Let's look at one of those "lance-like" questions. Alan Favish made a FOIA request to obtain copies of photographs taken in Fort Marcy Park at the Foster death scene. The law, as I understand it, protects the privacy interest of a person while he is alive, but not afterwards.

So what did the great "strict constructionist," Scalia, do? He worried about how Foster's surviving relatives would "feel." (Wouldn't this have been an issue for the LEGISLATORS?) And anyway lawyer Favish didn't really demonstrate any government investigations reached the wrong conclusions. (As if this were relevant to the FOIA.) Scalia apparently thought things like never having a certified handwriting analyst producing an opinion about the torn note, failing to consider testimony from a completely rational man who was in the park who said Foster's car wasn't there, etc., just amounted to "foot-faults."

And besides, "Who cares?"

Scalia might have been been better that day than Ginsberg, who couldn't form a complete sentence, but the bottom line is that that's not saying much.

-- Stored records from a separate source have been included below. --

Lemma super_ge_dominates m f g : in_plus m f -> in_plus m g ->
  super_ge m (natural m f) (natural m g) -> dominates m f g.
Proof.
  intros Hf Hg H. destruct (super_ge_counts m _ _ H) as [E N].
  destruct (natural_spec m f Hf) as [Af _]. destruct (natural_spec m g Hg) as [Ag _]. split.
  - intros x.
    destruct (eventually_and _ _ E
                (eventually_and _ _ (wcount_natural m f x Hf) (wcount_natural m g x Hg))) as [W0 HW].
    destruct (HW W0 (le_n _)) as [E' [Cf Cg]]. specialize (E' x). lia.
  - apply dominates_of_nge; auto. intros x. specialize (N x).
    assert (Nf : nge m (natural m f) x = nge m f x)
      by (apply zsum_ext; intros; rewrite Af; auto; lia).
    assert (Ng : nge m (natural m g) x = nge m g x)
      by (apply zsum_ext; intros; rewrite Ag; auto; lia).
    lia.
Qed.

Lemma clos_t_rt_t {A} (R : relation A) x y z :
  clos_trans A R x y -> clos_refl_trans A R y z -> clos_trans A R x z.
Proof.
  intros H1 H2. apply clos_rt_rtn1 in H2.
  induction H2 as [|y' z' Hstep _ IH]; auto. eapply t_trans; [exact IH|]. apply t_step; auto.
Qed.

Section AdjacentChains.

Variables (R : relation (Z -> Z)) (cmp : Z -> Z -> Prop) (ok : Z -> Prop).
Hypothesis adjacent_step :
  forall h k, ok k -> ok (k + 1) -> cmp (h k) (h (k + 1)) -> R h (act h k (k + 1)).

Lemma rot1_chain h s t : s <= t -> (forall k, s <= k <= t -> ok k) ->
  (forall k, s < k <= t -> cmp (h s) (h k)) -> clos_refl_trans _ R h (rot1 h s t).
Proof.
  intros Hst. remember (Z.to_nat (t - s)) as n eqn:En. revert h s Hst En.
  induction n as [|n IH]; intros h s Hst En Hok Hc.
  - replace (rot1 h s t) with h; [apply rt_refl|].
    apply functional_extensionality. intros k. unfold rot1. zcase; subst; auto; f_equal; lia.
  - set (h1 := act h s (s + 1)).
    replace (rot1 h s t) with (rot1 h1 (s + 1) t).
    2:{ apply functional_extensionality. intros k. unfold rot1, h1, act, tau.
        zcase; try (f_equal; lia); lia. }
    eapply rt_trans; [apply rt_step, adjacent_step; try apply Hok; try apply Hc; lia|].
    apply IH; try lia; [intros; apply Hok; lia|].
    intros k Hk. unfold h1, act, tau. zcase; try lia. apply Hc; lia.
Qed.

Lemma rotr1_chain h s t : s <= t -> (forall k, s <= k <= t -> ok k) ->
  (forall k, s <= k < t -> cmp (h k) (h t)) -> clos_refl_trans _ R h (rotr1 h s t).
Proof.
  intros Hst. remember (Z.to_nat (t - s)) as n eqn:En. revert h t Hst En.
  induction n as [|n IH]; intros h t Hst En Hok Hc.
  - replace (rotr1 h s t) with h; [apply rt_refl|].
    apply functional_extensionality. intros k. unfold rotr1. zcase; subst; auto; f_equal; lia.
  - set (h1 := act h (t - 1) t).
    replace (rotr1 h s t) with (rotr1 h1 s (t - 1)).
    2:{ apply functional_extensionality. intros k. unfold rotr1, h1, act, tau.
        zcase; try (f_equal; lia); lia. }
    apply (rt_trans _ _ _ h1).
    + apply rt_step. unfold h1.
      replace (act h (t - 1) t) with (act h (t - 1) (t - 1 + 1)) by (f_equal; lia).
      apply (adjacent_step h (t - 1)); try (apply Hok; lia).
      replace (t - 1 + 1) with t by lia. apply Hc; lia.
    + apply IH; try lia; [intros; apply Hok; lia|].
      intros k Hk. unfold h1, act, tau. zcase; try lia. apply Hc; lia.
Qed.

End AdjacentChains.

Lemma bruhat_adjacent m h k : inI m k -> inI m (k + 1) -> h k < h (k + 1) ->
  bruhat_step m h (act h k (k + 1)).
Proof.
  intros. exists k, (k + 1). refine (conj _ (conj _ (conj _ (conj _ (eqI_refl _ _))))); auto; lia.
Qed.

Lemma super_adjacent_neg m h k : - Z.of_nat m <= k -> k + 1 <= -1 -> h k > h (k + 1) ->
  super_down m h (act h k (k + 1)).
Proof.
  intros. right; left. exists k, (k + 1).
  refine (conj _ (conj _ (conj _ (conj _ (eqI_refl _ _))))); unfold inI; lia.
Qed.

Lemma super_adjacent_pos m h k : 1 <= k -> h k < h (k + 1) -> super_down m h (act h k (k + 1)).
Proof.
  intros. right; right. exists k, (k + 1).
  refine (conj _ (conj _ (conj _ (conj _ (eqI_refl _ _))))); unfold inI; lia.
Qed.

Lemma super_lower_pair m h i j v : - Z.of_nat m <= i <= -1 -> 1 <= j -> h i = h j -> v < h i ->
  clos_trans _ (super_down m) h (upd (upd h i v) j v).
Proof.
  intros Hi Hj Hij Hv.
  assert (Step : forall c, super_down m (upd (upd h i c) j c) (upd (upd h i (c - 1)) j (c - 1))).
  { intros c. left. exists i, j. unfold inI. repeat split; try lia.
    - unfold upd. zcase; lia.
    - intros k _. unfold upd, d. zcase; subst; rewrite ?Z.sgn_neg, ?Z.sgn_pos by lia; lia. }
  assert (Hh : upd (upd h i (h i)) j (h i) = h).
  { apply functional_extensionality. intros k. unfold upd. zcase; congruence. }
  remember (Z.to_nat (h i - v - 1)) as n eqn:En. revert v Hv En.
  induction n as [|n IH]; intros v Hv En.
  - pose proof (Step (h i)) as S. rewrite Hh in S. replace v with (h i - 1) by lia. apply t_step, S.
  - pose proof (Step (v + 1)) as S. replace (v + 1 - 1) with v in S by lia.
    eapply t_trans; [apply (IH (v + 1)); lia|]. apply t_step, S.
Qed.

Lemma decr_split (h : Z -> Z) c lo hi : lo - 1 <= hi ->
  (forall i j, lo <= i -> i < j -> j <= hi -> h j < h i) -> (forall k, lo <= k <= hi -> h k <> c) ->
  exists p, lo - 1 <= p <= hi /\ (forall k, lo <= k <= p -> c < h k) /\
    (forall k, p < k <= hi -> h k < c).
Proof.
  intros Hlh D Hc.
  destruct (Z_greatest (fun p => forall k, lo <= k <= p -> c < h k) hi (lo - 1))
    as [p [Hp [Above Max]]];
    [lia|intros; lia|].
  exists p. repeat split; try lia; auto. intros k Hk.
  destruct (Z_lt_le_dec (h k) c) as [|Hge]; auto. exfalso. apply (Max (p + 1)); [lia|].
  intros k' Hk'. destruct (Z_le_gt_dec k' p); [apply Above; lia|].
  specialize (Hc k ltac:(lia)). destruct (Z.eq_dec k' k) as [->|]; [lia|].
  specialize (D k' k ltac:(lia) ltac:(lia) ltac:(lia)). lia.
Qed.

(** * Exchanging a negative and a positive value *)

Section Exchange.

Variables (m : nat) (f g : Z -> Z) (i0 P Q q b : Z).

Hypotheses (Hf : in_plus m f) (Hi0 : - Z.of_nat m <= i0) (HP : i0 <= P <= -1) (HQ : 1 <= Q <= q)
  (f_q : f q = b) (b_lt_a : b < f i0)
  (f_gt_b : forall k, - Z.of_nat m <= k <= P -> b < f k)
  (f_lt_b : forall k, P < k <= -1 -> f k < b)
  (f_gt_a : forall k, 1 <= k < Q -> f i0 < f k)
  (f_lt_a : forall k, Q <= k -> f k < f i0).

(* [f i0] leaves the negative part and enters the positive part at [Q], while [b = f q]
   travels the other way and lands at [P]; both parts stay sorted. *)
Definition f_exch : Z -> Z := act (rotr1 (rot1 f i0 P) Q q) P Q.

Lemma f_exch_neg k : - Z.of_nat m <= k <= -1 -> f_exch k = upd (rot1 f i0 P) P b k.
Proof.
  intros Hk. unfold f_exch. destruct (Z.eq_dec k P) as [->|HkP].
  - rewrite act_i, upd_at, rotr1_first, rot1_out by lia. auto.
  - rewrite act_other, rotr1_out, upd_other by lia. auto.
Qed.

Lemma f_exch_pos k : 1 <= k -> f_exch k = upd (rotr1 f Q q) Q (f i0) k.
Proof.
  intros Hk. unfold f_exch. destruct (Z.eq_dec k Q) as [->|HkQ].
  - rewrite act_j, upd_at, rotr1_out, rot1_last by lia. auto.
  - rewrite act_other, upd_other by lia.
    unfold rotr1. zcase; try lia; rewrite rot1_out by lia; reflexivity.
Qed.

Lemma f_exch_in_plus : in_plus m f_exch.
Proof.
  pose proof (in_plus_neg_decr m f Hf) as Dn. pose proof (in_plus_pos_decr m f Hf) as Dp.
  split; [|split].
  - intros i Hi. rewrite !f_exch_neg by lia.
    apply Z.lt_gt, (neg_reinsert_decr m f b i0 P); auto; lia.
  - intros i Hi. rewrite !f_exch_pos by lia. apply Z.lt_gt, (pos_reinsert_decr f (f i0) Q q); auto; lia.
  - destruct Hf as [_ [_ [N HN]]]. exists (Z.max N (q + 1)). intros i Hi.
    rewrite f_exch_pos, upd_other, rotr1_out by lia. apply HN; lia.
Qed.

Lemma b_notin_neg : ~ img_neg m f b.
Proof.
  intros [k [Hk E]]. destruct (Z_le_gt_dec k P); [specialize (f_gt_b k)|specialize (f_lt_b k)]; lia.
Qed.

Lemma a_notin_pos : ~ img_pos f (f i0).
Proof.
  intros [k [Hk E]]. destruct (Z_lt_le_dec k Q); [specialize (f_gt_a k)|specialize (f_lt_a k)]; lia.
Qed.

Lemma f_exch_content x : content m f_exch x = content m f x.
Proof.
  assert (Inj_neg : forall k l,
            - Z.of_nat m <= k <= -1 -> - Z.of_nat m <= l <= -1 -> f k = f l -> k = l).
  { apply inj_of_neq. intros i j Hi Hj Hij. pose proof (in_plus_neg_decr m f Hf i j). lia. }
  assert (Inj_pos : forall k l, 1 <= k -> 1 <= l -> f k = f l -> k = l).
  { apply inj_of_neq. intros i j Hi Hj Hij. pose proof (in_plus_pos_decr m f Hf i j). lia. }
  unfold content.
  rewrite (ind_iff _ _ (img_neg_ext m f_exch (upd (rot1 f i0 P) P b) x f_exch_neg)).
  rewrite (ind_iff _ _ (img_pos_ext f_exch (upd (rotr1 f Q q) Q (f i0)) x f_exch_pos)).
  rewrite (ind_iff _ _ (img_neg_reinsert m f b i0 P x ltac:(lia) ltac:(lia) Inj_neg)).
  rewrite (ind_iff _ _ (img_pos_reinsert f (f i0) Q q x ltac:(lia) Inj_pos)), f_q.
  rewrite !ind_exchange; try lia; intros ->;
    first [ apply a_notin_pos | apply b_notin_neg
          | exists q; split; auto; lia | exists i0; split; auto; lia ].
Qed.

Lemma f_exch_sum_lt : zsum f_exch (- Z.of_nat m) m < zsum f (- Z.of_nat m) m.
Proof.
  pose proof (in_plus_neg_decr m f Hf) as Dn.
  assert (Le : forall k, - Z.of_nat m <= k <= -1 -> f_exch k <= f k /\ (k = i0 -> f_exch k < f k)).
  { intros k Hk. rewrite f_exch_neg by auto.
    destruct (Z.eq_dec k P) as [->|]; [rewrite upd_at; specialize (f_gt_b P); lia|].
    rewrite upd_other by auto. destruct (Z_lt_le_dec k P).
    - destruct (Z_lt_le_dec k i0); [rewrite rot1_out by lia; lia|].
      rewrite rot1_in by lia. specialize (Dn k (k + 1)). lia.
    - rewrite rot1_out by lia. lia. }
  apply zsum_lt; [intros k Hk; apply Le; lia|]. exists i0. split; [lia|]. apply Le; lia.
Qed.

Lemma f_exch_bruhat : clos_trans _ (bruhat_step m) f_exch f.
Proof.
  pose proof (in_plus_neg_decr m f Hf) as Dn. pose proof (in_plus_pos_decr m f Hf) as Dp.
  set (X := rot1 f i0 P). set (Y := rotr1 X Q q).
  assert (X_pos : forall k, 0 <= k -> X k = f k) by (intros; apply rot1_out; lia).
  apply (clos_t_rt_t _ _ Y).
  { apply t_step. rewrite <- (act_involutive Y P Q). exists P, Q. unfold inI.
    refine (conj _ (conj _ (conj _ (conj _ (eqI_refl _ _))))); try lia.
    rewrite f_exch_neg, f_exch_pos, !upd_at by lia. auto. }
  apply (rt_trans _ _ _ X).
  - rewrite <- (rot1_rotr1 X Q q) by lia.
    apply (rot1_chain _ Z.lt (fun k => 1 <= k)); try lia.
    + intros h k Hk Hk1 Hc. apply bruhat_adjacent; auto; unfold inI; lia.
    + intros k Hk. unfold Y. rewrite rotr1_first, rotr1_in, !X_pos by lia.
      destruct (Z.eq_dec (k - 1) q); [lia|]. specialize (Dp (k - 1) q). lia.
  - rewrite <- (rotr1_rot1 f i0 P) by lia.
    apply (rotr1_chain _ Z.lt (fun k => - Z.of_nat m <= k <= -1)); try lia.
    + intros h k Hk Hk1 Hc. apply bruhat_adjacent; auto; unfold inI; lia.
    + intros k Hk. unfold X. rewrite rot1_in, rot1_last by lia. specialize (Dn i0 (k + 1)). lia.
Qed.

Section NaturalSide.

Variables (r R : Z).
Hypotheses (HR : 1 <= R <= r) (nat_r : natural m f r = f i0)
  (nat_lt_b : forall k, 1 <= k < R -> natural m f k < b)
  (nat_gt_b : forall k, R <= k -> b < natural m f k).

Definition h_exch : Z -> Z := upd (upd (rotr1 (rot1 (natural m f) i0 P) R r) P b) R b.

Lemma h_exch_reach : clos_trans _ (super_down m) (natural m f) h_exch.
Proof.
  destruct (natural_spec m f Hf) as [Af _]. pose proof (in_plus_neg_decr m f Hf) as Dn.
  set (Z1 := rot1 (natural m f) i0 P). set (Z2 := rotr1 Z1 R r).
  apply (clos_rt_t _ _ _ Z2).
  - apply (rt_trans _ _ _ Z1).
    + apply (rot1_chain _ Z.gt (fun k => - Z.of_nat m <= k <= -1)); try lia.
      * intros h k Hk Hk1 Hc. apply super_adjacent_neg; auto; lia.
      * intros k Hk. rewrite !Af by lia. apply Z.lt_gt, Dn; lia.
    + apply (rotr1_chain _ Z.lt (fun k => 1 <= k)); try lia.
      * intros h k Hk Hk1 Hc. apply super_adjacent_pos; auto.
      * intros k Hk. unfold Z1. rewrite !rot1_out by lia. apply natural_incr; auto; lia.
  - assert (Z2_P : Z2 P = f i0) by (unfold Z2, Z1; rewrite rotr1_out, rot1_last, Af by lia; auto).
    assert (Z2_R : Z2 R = f i0) by (unfold Z2, Z1; rewrite rotr1_first, rot1_out by lia; auto).
    apply (super_lower_pair m Z2 P R b); lia.
Qed.

Lemma h_exch_pos k : 1 <= k -> h_exch k = upd (rotr1 (natural m f) R r) R b k.
Proof.
  intros Hk. unfold h_exch, upd, rotr1. zcase; try lia; auto; rewrite rot1_out by lia; reflexivity.
Qed.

Here's the transcript of Scalia's question to Favish:

Mr. Favish, here's - here's my - I mean, one - once you get past the first - the first issue, whether the privacy exemption at all covers this, if you assume it does cover it, you have relatives here who are going to be very much - very much harmed by - by this, as is shown by the mere fact that they've conducted this lengthy litigation. It's lasted how long, and I'm sure it's been expensive. Now, what is the interest on the other side? If - if you - if you had a plausible case that - that these investigations reached the wrong conclusion, I'd say, yeah, that's a pretty significant governmental interest. But I don't see that here. I - you - you - you've just demonstrated some foot faults in - in each of the investigations. Oh, this - this investigation made this mistake, this other investigation made the other mistake. Who cares? I mean, you really think that that is a matter of - of significant moment for - for the country, that there was an isolated mistake in - in one and another of the investigations? Who cares?
I was sitting in the gallery that day. When I heard this question I really wanted to stand up and yell, "E tu Antonin," but I knew that they would have squashed me like a grape if I did.